To do. Please copy, exactly as they appear below, the lines from the one containing "prox_obj C eps alpha Phi zeta mu" through the one containing "let Gw := fun".

______________________________

(* Let $N\ge 1$, let $\boldsymbol{\theta}_1,\dots,\boldsymbol{\theta}_N\in\mathbb{R}^d$, and let $\boldsymbol{C}\in\mathbb{R}^{N\times N}$ be the squared Euclidean distance matrix $\boldsymbol{C}(r,s)=\|\boldsymbol{\theta}_r-\boldsymbol{\theta}_s\|_2^2$. Fix $\varepsilon>0$, $\alpha>0$, $\boldsymbol{a}\in\mathbb{R}^N\setminus\{\boldsymbol{0}\}$ and $\boldsymbol{\zeta}\in\Delta^{N-1}$. Let $\boldsymbol{\Phi}(\boldsymbol{\mu}):=\langle \boldsymbol{a},\boldsymbol{\mu}\rangle$ for $\boldsymbol{\mu}\in\Delta^{N-1}$, and let $\boldsymbol{\Gamma}:=\exp(-\boldsymbol{C}/(2\varepsilon))$ (entrywise exponential). Then the entropy-regularized Wasserstein proximal operator $$\mathrm{prox}^{W_\varepsilon}_{\frac{1}{\alpha}\boldsymbol{\Phi}}(\boldsymbol{\zeta}) := \underset{\boldsymbol{\mu}\in\Delta^{N-1}}{\arg\inf}\left\{\min_{\boldsymbol{M}\in\Pi_N(\boldsymbol{\mu},\boldsymbol{\zeta})}\left\langle \tfrac12\boldsymbol{C}+\varepsilon\log\boldsymbol{M},\,\boldsymbol{M}\right\rangle+\frac{1}{\alpha}\boldsymbol{\Phi}(\boldsymbol{\mu})\right\}$$ is given by $$\mathrm{prox}^{W_\varepsilon}_{\frac{1}{\alpha}\boldsymbol{\Phi}}(\boldsymbol{\zeta}) = \exp\!\left(-\tfrac{1}{\alpha\varepsilon}\boldsymbol{a}\right)\odot\left(\boldsymbol{\Gamma}^{\top}\left(\boldsymbol{\zeta}\oslash\left(\boldsymbol{\Gamma}\exp\!\left(-\tfrac{1}{\alpha\varepsilon}\boldsymbol{a}\right)\right)\right)\right).$$
   Context: $\Delta^{N-1}:=\{\boldsymbol{x}\in\mathbb{R}^N:\boldsymbol{x}\ge\boldsymbol{0},\ \boldsymbol{1}^\top\boldsymbol{x}=1\}$ is the probability simplex. For $\boldsymbol{\xi},\boldsymbol{\eta}\in\Delta^{N-1}$, $\Pi_N(\boldsymbol{\xi},\boldsymbol{\eta}):=\{\boldsymbol{M}\in\mathbb{R}^{N\times N}: \boldsymbol{M}\ge\boldsymbol{0}\text{ entrywise},\ \boldsymbol{M}\boldsymbol{1}=\boldsymbol{\xi},\ \boldsymbol{M}^\top\boldsymbol{1}=\boldsymbol{\eta}\}$, where $\boldsymbol{1}$ is the all-ones vector. For matrices, $\langle \boldsymbol{A},\boldsymbol{B}\rangle=\sum_{r,s}\boldsymbol{A}(r,s)\boldsymbol{B}(r,s)$; $\log\boldsymbol{M}$ and $\exp(\cdot)$ act entrywise, with the convention $0\log 0=0$. The symbols $\odot$ and $\oslash$ denote entrywise (Hadamard) multiplication and division of vectors. *)

From HB Require Import structures.
From mathcomp Require Import all_boot all_order all_algebra.
From mathcomp Require Import all_classical all_reals all_analysis.
Set Implicit Arguments. Unset Strict Implicit. Unset Printing Implicit Defensive.
Import Order.TTheory GRing.Theory Num.Theory.
Local Open Scope classical_set_scope.
Local Open Scope ring_scope.

Definition simplex (R : realType) (N : nat) : set ('I_N -> R) :=
  [set x | (forall i, 0 <= x i) /\ \sum_(i < N) x i = 1].

Definition couplings (R : realType) (N : nat) (xi eta : 'I_N -> R)
  : set 'M[R]_N :=
  [set M | (forall r s, 0 <= M r s)
         /\ (forall r, \sum_(s < N) M r s = xi r)
         /\ (forall s, \sum_(r < N) M r s = eta s)].

Definition xlogx (R : realType) (x : R) : R := if x == 0 then 0 else x * ln x.

Definition sqdist_mx (R : realType) (N d : nat) (theta : 'I_N -> 'I_d -> R)
  : 'M[R]_N :=
  \matrix_(r, s) \sum_(k < d) (theta r k - theta s k) ^+ 2.

Definition ent_cost (R : realType) (N : nat) (C : 'M[R]_N) (eps : R)
  (M : 'M[R]_N) : R :=
  \sum_(r < N) \sum_(s < N) (C r s / 2 * M r s + eps * xlogx (M r s)).

(* min_{M in Pi(mu,zeta)} <C/2 + eps log M, M>  (the infimum, attained) *)
Definition ent_ot (R : realType) (N : nat) (C : 'M[R]_N) (eps : R)
  (mu zeta : 'I_N -> R) : R :=
  inf [set ent_cost C eps M | M in couplings mu zeta].

Definition prox_obj (R : realType) (N : nat) (C : 'M[R]_N) (eps alpha : R)
  (Phi : ('I_N -> R) -> R) (zeta mu : 'I_N -> R) : R :=
  ent_ot C eps mu zeta + alpha^-1 * Phi mu.

Definition prox_argmin (R : realType) (N : nat) (C : 'M[R]_N) (eps alpha : R)
  (Phi : ('I_N -> R) -> R) (zeta : 'I_N -> R) : set ('I_N -> R) :=
  [set mu | simplex mu /\
     forall nu, simplex nu ->
       prox_obj C eps alpha Phi zeta mu <= prox_obj C eps alpha Phi zeta nu].

Definition prox_formula (R : realType) (N : nat) (C : 'M[R]_N) (eps alpha : R)
  (a zeta : 'I_N -> R) : 'I_N -> R :=
  let Gamma := \matrix_(r, s) expR (- C r s / (2 * eps)) in
  let w := fun i => expR (- (alpha * eps)^-1 * a i) in
  let Gw := fun r => \sum_(s < N) Gamma r s * w s in
  fun s => w s * \sum_(r < N) Gamma r s * (zeta r / Gw r).

From HB Require Import structures.
From mathcomp Require Import all_boot all_order all_algebra.
From mathcomp Require Import all_classical all_reals all_analysis.
From mathcomp Require Import ring lra.
Import Order.TTheory GRing.Theory Num.Theory.
Local Open Scope classical_set_scope.
Local Open Scope ring_scope.

(* Let w := exp(-a/(alpha eps)) and
   M* := diag(w) Gamma^T diag(zeta ./ (Gamma w))   ([opt_coupling]),
   a coupling of the closed-form mu and zeta.  For any coupling M of
   (nu, zeta) put K_nu := diag(nu ./ mu) M*   ([tilted]), the rescaling of M*
   to first marginal nu.  Expanding ln K_nu entrywise gives the exact identity
     <C/2 + eps ln M, M> + <a, nu>/alpha
       = V + eps KL(nu | mu) + eps KL(M | K_nu),
   with V independent of nu and M and KL(p | q) = sum p ln(p/q) - p + q.  Both
   relative entropies are nonnegative and vanish at nu = mu, M = M*, so the
   proximal objective is at least V + eps KL(nu | mu) and equals V at mu; a
   minimizer therefore has KL(nu | mu) = 0, i.e. nu = mu. *)

Section RelativeEntropy.
Context {R : realType}.

Lemma xlogxE (x : R) : xlogx x = x * ln x.
Proof. by rewrite /xlogx; case: eqP => [->|]; rewrite ?mul0r. Qed.

Lemma ln_le_subr1 (z : R) : 0 < z -> ln z <= z - 1.
Proof. by move=> z0; have := expR_ge1Dx (ln z); rewrite lnK ?posrE //; lra. Qed.

Lemma ln_lt_subr1 (z : R) : 0 < z -> z != 1 -> ln z < z - 1.
Proof.
move=> z0 z1; have := @expR_gt1Dx R (ln z); rewrite lnK ?posrE // ln_eq0 // z1.
by move=> /(_ isT); lra.
Qed.

Definition relent_term (p q : R) : R := xlogx p - p * ln q - p + q.

Lemma relent_termE (p q : R) : 0 < p -> 0 < q ->
  relent_term p q = p * (q / p - 1 - ln (q / p)).
Proof.
move=> p0 q0; rewrite /relent_term xlogxE ln_div ?posrE //.
by field; rewrite gt_eqF.
Qed.

Lemma relent_termxx (p : R) : relent_term p p = 0.
Proof. by rewrite /relent_term xlogxE; ring. Qed.

Lemma relent_term0l (q : R) : relent_term 0 q = q.
Proof. by rewrite /relent_term xlogxE !mul0r; ring. Qed.

Lemma relent_term_ge0 (p q : R) : 0 <= p -> 0 <= q -> (0 < p -> 0 < q) ->
  0 <= relent_term p q.
Proof.
rewrite le0r => /predU1P[->|p0] q0 /(_ _); first by rewrite relent_term0l.
move=> /(_ p0) {}q0; rewrite relent_termE //; apply: mulr_ge0; first exact: ltW.
by rewrite subr_ge0 ln_le_subr1 // divr_gt0.
Qed.

Lemma relent_term_eq0 (p q : R) : 0 <= p -> 0 < q -> relent_term p q = 0 ->
  p = q.
Proof.
rewrite le0r => /predU1P[->|p0] q0.
  by rewrite relent_term0l => /eqP; rewrite gt_eqF.
have [/divr1_eq -> //|qp] := eqVneq (q / p) 1.
rewrite relent_termE // => /eqP; rewrite mulf_eq0 gt_eqF //= subr_eq0.
by rewrite gt_eqF // ln_lt_subr1 // divr_gt0.
Qed.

______________________________

Exercise output.
       prox_obj C eps alpha Phi zeta mu <= prox_obj C eps alpha Phi zeta nu].

Definition prox_formula (R : realType) (N : nat) (C : 'M[R]_N) (eps alpha : R)
  (a zeta : 'I_N -> R) : 'I_N -> R :=
  let Gamma := \matrix_(r, s) expR (- C r s / (2 * eps)) in
  let w := fun i => expR (- (alpha * eps)^-1 * a i) in
  let Gw := fun r => \sum_(s < N) Gamma r s * w s in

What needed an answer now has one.